*Task objective*
Exactly retype the lines of the material from its first line to the line with "(* Split [0, q)", including both.
+++++
Lemma certificate_of_gap : certificate q A B.
Proof.
have reserved_gap y : (t + m < y <= t + m + 2)%N -> y \in taken -> reserved q A B U V y.
  move=> y_range y_taken; have y_notA : y \notin resA by apply: not_resA; lia.
  by rewrite /reserved /U /V y_taken outside_gap ?(negbTE y_notA) /window; lia.
exists U, V, (t + m + 1)%N, (t + m + 2)%N; split.
- move=> c /orP[c_win | /andP[c_resA _]]; rewrite /V /taken ?c_win ?andbF //.
  by rewrite !inE c_resA !orbT !andbF.
- exact: gap_cover.
- by move=> a aA; rewrite /V /taken !inE (map_f (fun a => a %% q)%N) ?orbT ?andbF.
- move=> b bB; rewrite /U (map_f (fun b => b %% q)%N bB) andbF orbF /window.
  have : b \in A ++ B by rewrite mem_cat bB orbT.
  by move/gap; lia.
- have rp_reserved : reserved q A B U V (t + m + 1)%N.
    by apply: reserved_gap; rewrite ?inE ?eqxx; lia.
  have rm_reserved : reserved q A B U V (t + m + 2)%N.
    by apply: reserved_gap; rewrite ?inE ?eqxx ?orbT; lia.
  have rp_neq_rm : (t + m + 1 != t + m + 2)%N by lia.
  by rewrite rp_reserved rm_reserved rp_neq_rm !orbT.
Qed.

End GapCertificate.

(* Split [0, q) into k + 1 blocks of length k + 7; one of them contains no
   residue of the k elements of A ++ B and serves as the gap. *)
Lemma certificate_large q A B :
  ((size (A ++ B)).+1 * (size (A ++ B) + 7) <= q)%N -> certificate q A B.
Proof.
set k := size (A ++ B); set L := (k + 7)%N => q_large.
have L_gt0 : (0 < L)%N by lia.
have [|j j_small j_free] :=
  pigeonhole_avoid (f := id) (S := [seq (x %% q) %/ L | x <- A ++ B]%N)
    (iota_uniq 0 k.+1) (in2W (@inj_id nat)).
  by rewrite size_map size_iota.
rewrite mem_iota add0n in j_small.
have jL_small : (j.+1 * L <= q)%N by apply: leq_trans q_large; rewrite leq_mul2r; lia.
apply: (@certificate_of_gap q (j * L + 1) (k + 3)).
- lia.
- by rewrite /k size_cat; lia.
- by move: jL_small; rewrite mulSn /L; lia.
move=> x xAB; have : ((x %% q) %/ L)%N != j.
  by apply: contraNneq j_free => <-; rewrite (map_f (fun x => (x %% q) %/ L)%N).
by rewrite neq_ltn ltn_divLR // leq_divRL // mulSn /L; lia.
Qed.

Lemma reserved_cons q A B (U V : pred nat) a b rho :
  reserved q A B U V rho -> (a %% q)%N != rho -> (b %% q)%N != rho ->
  reserved q (a :: A) (b :: B) U V rho.
Proof.
rewrite /reserved /empty_class /= !all_cat /= => /and4P[-> -> -> /andP[-> ->]] -> ->.
by rewrite !andbT.
Qed.

Lemma certifies_cons q A B (U V : pred nat) rp rm a b :
  certifies q A B U V rp rm -> ~~ V (a %% q)%N -> ~~ U (b %% q)%N ->
  represented (a :: A) (b :: B) q%:Z || ((a %% q)%N != rp) && ((b %% q)%N != rp) ->
  represented (a :: A) (b :: B) (- q%:Z) || ((a %% q)%N != rm) && ((b %% q)%N != rm) ->
  certifies q (a :: A) (b :: B) U V rp rm.
Proof.
case=> disj cover A_out B_out [rp_ok rm_ok rp_rm] Va Ub rp_new rm_new.
have keep d rho : represented A B d || reserved q A B U V rho ->
    represented (a :: A) (b :: B) d || ((a %% q)%N != rho) && ((b %% q)%N != rho) ->
    represented (a :: A) (b :: B) d || reserved q (a :: A) (b :: B) U V rho.
  case/orP=> [/(represented_cons a b) -> // | rho_res].
  by case/orP=> [-> // | /andP[a_rho b_rho]]; rewrite reserved_cons ?orbT.
split => //.
- by move=> x; rewrite inE => /predU1P[-> // | /A_out].
- by move=> x; rewrite inE => /predU1P[-> // | /B_out].
split; [exact: keep | exact: keep |].
by case/or3P: rp_rm => [/(represented_cons a b) | /(represented_cons a b) | ] ->;
  rewrite ?orbT.
Qed.

Definition extension_class q A B r c : Prop :=
  [/\ {in B, forall x, (x %% q)%N != c},
      {in A, forall x, (x %% q)%N != resz q (c%:Z - r)} &
      forall a b : nat, (a %% q)%N = c -> a%:Z - b%:Z = r ->
        certificate q (a :: A) (b :: B)].

Lemma extension_class_coprime q A B r :
  (0 < q)%N -> certificate q A B -> ~~ (q%:Z %| r)%Z ->
  exists2 c, (c < q)%N & extension_class q A B r c.
Proof.
move=> q_gt0 [U [V [rp [rm cert]]]] q_r.
have [disj cover A_out B_out [rp_ok rm_ok _]] := cert.
have R_range : (0 < resz q r < q)%N.
  rewrite resz_ltn // andbT lt0n; apply: contra q_r => /eqP r0.
  by rewrite -(subr0 r) -eq_resz // r0 (resz_nat q 0) mod0n.
have [c c_lt /andP[Uc]] := cover _ R_range; rewrite -resz_subn // => Vcr.
exists c => //; split.
- by move=> x /B_out; apply: contraNneq => ->.
- by move=> x /A_out; apply: contraNneq => ->.
move=> a b a_c ab_r; exists U, V, rp, rm.
have := resz_sub_class q_gt0 ab_r; rewrite a_c => b_class.
have away d rho : represented A B d || reserved q A B U V rho ->
    represented (a :: A) (b :: B) d || ((a %% q)%N != rho) && ((b %% q)%N != rho).
  case/orP=> [/(represented_cons a b) -> // | /and4P[_ U_rho V_rho _]].
  by rewrite a_c b_class; apply/orP; right; apply/andP; split;
    [apply: contraNneq U_rho => <- | apply: contraNneq V_rho => <-].
apply: certifies_cons; rewrite ?away //.
  by rewrite a_c; apply: disj.
by rewrite b_class; apply: contraL Vcr; apply: disj.
Qed.

Lemma extension_class_reserved q A B r :
  (0 < q)%N -> certificate q A B -> r = q%:Z \/ r = - q%:Z -> ~~ represented A B r ->
  exists2 c, (c < q)%N & extension_class q A B r c.
Proof.
move=> q_gt0 [U [V [rp [rm cert]]]] r_q r_new.
have [_ _ _ _ [rp_ok rm_ok rp_rm]] := cert.
have r_class c : (c < q)%N -> resz q (c%:Z - r) = c.
  move=> c_lt; apply/eqP; rewrite -{2}(modn_small c_lt) -resz_nat eq_resz //.
  by rewrite addrAC subrr add0r rpredN; case: r_q => ->; rewrite ?rpredN dvdzz.
have finish c : reserved q A B U V c ->
    [|| r == q%:Z, represented A B q%:Z | c != rp] ->
    [|| r == - q%:Z, represented A B (- q%:Z) | c != rm] ->
    exists2 c, (c < q)%N & extension_class q A B r c.
  case/and4P=> c_lt U_c V_c /allP c_empty rp_new rm_new; exists c => //; split.
  - by move=> x xB; apply: c_empty; rewrite mem_cat xB orbT.
  - by move=> x xA; rewrite r_class //; apply: c_empty; rewrite mem_cat xA.
  move=> a b a_c ab_r; exists U, V, rp, rm.
  have b_c : (b %% q)%N = c by rewrite (resz_sub_class q_gt0 ab_r) a_c r_class.
  have new_r : represented (a :: A) (b :: B) r by rewrite -ab_r represented_head.
  apply: certifies_cons; rewrite ?a_c ?b_c //.
    by case/or3P: rp_new => [/eqP <- | /(represented_cons a b) -> | ->]; rewrite ?new_r ?orbT.
  by case/or3P: rm_new => [/eqP <- | /(represented_cons a b) -> | ->]; rewrite ?new_r ?orbT.
case: r_q => r_def; rewrite r_def in r_new; move: rp_rm; rewrite (negbTE r_new) /=.
  move: rp_ok; rewrite (negbTE r_new) /= => rp_res rp_rm.
  apply: finish rp_res _ _; rewrite r_def ?eqxx //.
  by case/orP: rp_rm => ->; rewrite ?orbT.
move: rm_ok; rewrite (negbTE r_new) /= => rm_res; move=> rp_rm.
apply: finish rm_res _ _; rewrite r_def ?eqxx //.
by case/orP: rp_rm => [-> | ]; rewrite ?orbT // eq_sym => ->; rewrite !orbT.
Qed.

Lemma extension_class_exists q A B r :
  prime q -> certificate q A B -> signed_prime_gt3 r -> ~~ represented A B r ->
  exists2 c, (c < q)%N & extension_class q A B r c.
Proof.
move=> q_prime cert r_prime r_new; have q_gt0 := prime_gt0 q_prime.
have [q_r | q_r] := boolP (q%:Z %| r)%Z; last exact: extension_class_coprime.
exact: extension_class_reserved (signed_prime_dvd q_prime r_prime q_r) r_new.
Qed.

Lemma chinese_seq (P : nat -> nat -> Prop) (m : nat) (s : seq nat) :
  uniq s -> all prime s -> {in s, forall q, ~~ (q %| m)%N} ->
  {in s, forall q, exists2 c, (c < q)%N & P q c} ->
  exists2 c0, (m %| c0)%N & {in s, forall q, P q (c0 %% q)%N}.
Proof.
elim: s => [|q s IHs] /=; first by exists 0%N.
case/andP=> q_s s_uniq /andP[q_prime s_prime] s_coprime s_sol.
have [c0 m_c0 c0_sol] : exists2 c0, (m %| c0)%N & {in s, forall p, P p (c0 %% p)%N}.
  by apply: IHs => // p p_s; [apply: s_coprime | apply: s_sol]; rewrite inE p_s orbT.
have [c c_lt c_sol] := s_sol q (mem_head q s).
set M := (m * \prod_(p <- s) p)%N.
have M_q : coprime M q.
  rewrite coprime_sym prime_coprime // Euclid_dvdM // negb_or s_coprime ?mem_head //=.
  rewrite Euclid_dvd_prod // big_has; apply/hasP=> -[p p_s].
  rewrite dvdn_prime2 //; last exact: (allP s_prime).
  by move/eqP=> qp; rewrite qp p_s in q_s.
have chinese_mod d : (d %| M)%N -> (chinese M q c0 c = c0 %[mod d])%N.
  by move=> d_M; rewrite -(modn_dvdm _ d_M) chinese_modl // modn_dvdm.
exists (chinese M q c0 c).
  by rewrite /dvdn chinese_mod ?dvdn_mulr // -/(dvdn _ _) m_c0.
move=> p; rewrite inE => /predU1P[-> | p_s].
  by rewrite chinese_modr // modn_small.
rewrite chinese_mod; first exact: c0_sol.
by rewrite /M dvdn_mull // (big_rem p) //= dvdn_mulr.
Qed.

(* Each linear form M x + e with p not dividing M vanishes mod p at exactly one
   residue, so fewer than p forms cannot cover all of [0, p). *)
Lemma exists_uncovered p (M : int) (s : seq int) :
  prime p -> ~~ (p%:Z %| M)%Z -> (size s < p)%N ->
  exists2 x : nat, (x < p)%N & ~~ has (fun e => (p%:Z %| M * x%:Z + e)%Z) s.
Proof.
move=> p_prime p_M s_small.
pose covers x e := (p%:Z %| M * x%:Z + e)%Z.
suff /hasP[x] : has (fun x => ~~ has (covers x) s) (iota 0 p).
  by rewrite mem_iota => x_lt; exists x.
apply/contraT; rewrite -all_predC => /allP /= covered.
have cover_x x : x \in iota 0 p -> has (covers x) s by move/covered/negbNE.
pose f x := find (covers x) s.
have f_inj : {in iota 0 p &, injective f}.
  move=> x y x_lt y_lt fxy; have := nth_find 0 (cover_x x x_lt).
  have := nth_find 0 (cover_x y y_lt); rewrite -/(f x) -/(f y) -fxy /covers.
  move: x_lt y_lt; rewrite !mem_iota => x_lt y_lt p_y p_x.
  have : (p%:Z %| M * (x%:Z - y%:Z))%Z.
    set e := nth 0 s (f x) in p_x p_y.
    by rewrite (_ : M * _ = M * x%:Z + e - (M * y%:Z + e)) ?rpredB //; ring.
  rewrite dvdzE abszM Euclid_dvdM // -dvdzE (negbTE p_M) /=.
  have [-> // | xy_neq] := eqVneq x y.
  by move/dvdn_leq; lia.
have [|x x_lt] := pigeonhole_avoid (S := iota 0 (size s)) (iota_uniq 0 p) f_inj.
  by rewrite !size_iota.
by rewrite mem_iota /f -has_find cover_x.
Qed.

Lemma prime_tuple_shifts (M : nat) (es : seq int) :
  prime_tuple_hypothesis -> (0 < M)%N ->
  (forall p, prime p -> (p %| M)%N -> {in es, forall e, ~~ (p%:Z %| e)%Z}) ->
  (forall p, prime p -> ~~ (p %| M)%N -> (2 * size es < p)%N) ->
  forall N, exists2 y : nat, (N < y)%N & {in es, forall e, prime (absz (M%:Z * y%:Z + e))}.
Proof.
move=> pth M_gt0 small_p large_p N.
pose es2 := es ++ map -%R es.
have es2_small p : prime p -> (p %| M)%N -> {in es2, forall e, ~~ (p%:Z %| e)%Z}.
  move=> p_prime p_M e; rewrite mem_cat => /orP[/small_p-> // | /mapP[e' e'_es ->]].
  by rewrite rpredN small_p.
pose s := [seq (M%:Z, e) | e <- es2].
have s_nz : all (fun ab : int * int => ab.1 != 0) s.
  by apply/allP=> _ /mapP[e _ ->]; rewrite /= eqz_nat -lt0n.
have s_no_cover : ~ exists p, prime p /\
    forall x, has (fun ab : int * int => (p%:Z %| ab.1 * x + ab.2)%Z) s.
  move=> [p [p_prime p_covers]].
  have [p_M | p_M] := boolP (p %| M)%N.
    have /hasP[_ /mapP[e e_es2 ->]] := p_covers 0; rewrite /= mulr0 add0r.
    by apply/negP; apply: es2_small.
  have p_M' : ~~ (p%:Z %| M%:Z)%Z by rewrite dvdzE !absz_nat.
  have es2_lt : (size es2 < p)%N by rewrite size_cat size_map addnn -mul2n large_p.
  have [x _] := exists_uncovered p_prime p_M' es2_lt.
  by have := p_covers x; rewrite has_map => ->.
have [x [x_big x_prime]] := pth s s_nz s_no_cover N.
exists `|x|%N => // e e_es.
move: x_prime; rewrite all_map => /allP s_prime.
have [x_ge0 | x_lt0] := boolP (0 <= x).
  have := s_prime e; rewrite mem_cat e_es /int_prime /= => /(_ isT).
  by rewrite gez0_abs.
have := s_prime (- e); rewrite mem_cat map_f ?orbT // /int_prime /= => /(_ isT).
by rewrite ltz0_abs ?ltNge // mulrN -abszN opprD opprK.
Qed.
+++++
*Reply to the task*
Lemma certificate_of_gap : certificate q A B.
Proof.
have reserved_gap y : (t + m < y <= t + m + 2)%N -> y \in taken -> reserved q A B U V y.
  move=> y_range y_taken; have y_notA : y \notin resA by apply: not_resA; lia.
  by rewrite /reserved /U /V y_taken outside_gap ?(negbTE y_notA) /window; lia.
exists U, V, (t + m + 1)%N, (t + m + 2)%N; split.
- move=> c /orP[c_win | /andP[c_resA _]]; rewrite /V /taken ?c_win ?andbF //.
  by rewrite !inE c_resA !orbT !andbF.
- exact: gap_cover.
- by move=> a aA; rewrite /V /taken !inE (map_f (fun a => a %% q)%N) ?orbT ?andbF.
- move=> b bB; rewrite /U (map_f (fun b => b %% q)%N bB) andbF orbF /window.
  have : b \in A ++ B by rewrite mem_cat bB orbT.
  by move/gap; lia.
- have rp_reserved : reserved q A B U V (t + m + 1)%N.
    by apply: reserved_gap; rewrite ?inE ?eqxx; lia.
  have rm_reserved : reserved q A B U V (t + m + 2)%N.
    by apply: reserved_gap; rewrite ?inE ?eqxx ?orbT; lia.
  have rp_neq_rm : (t + m + 1 != t + m + 2)%N by lia.
  by rewrite rp_reserved rm_reserved rp_neq_rm !orbT.
Qed.

End GapCertificate.

(* Split [0, q) into k + 1 blocks of length k + 7; one of them contains no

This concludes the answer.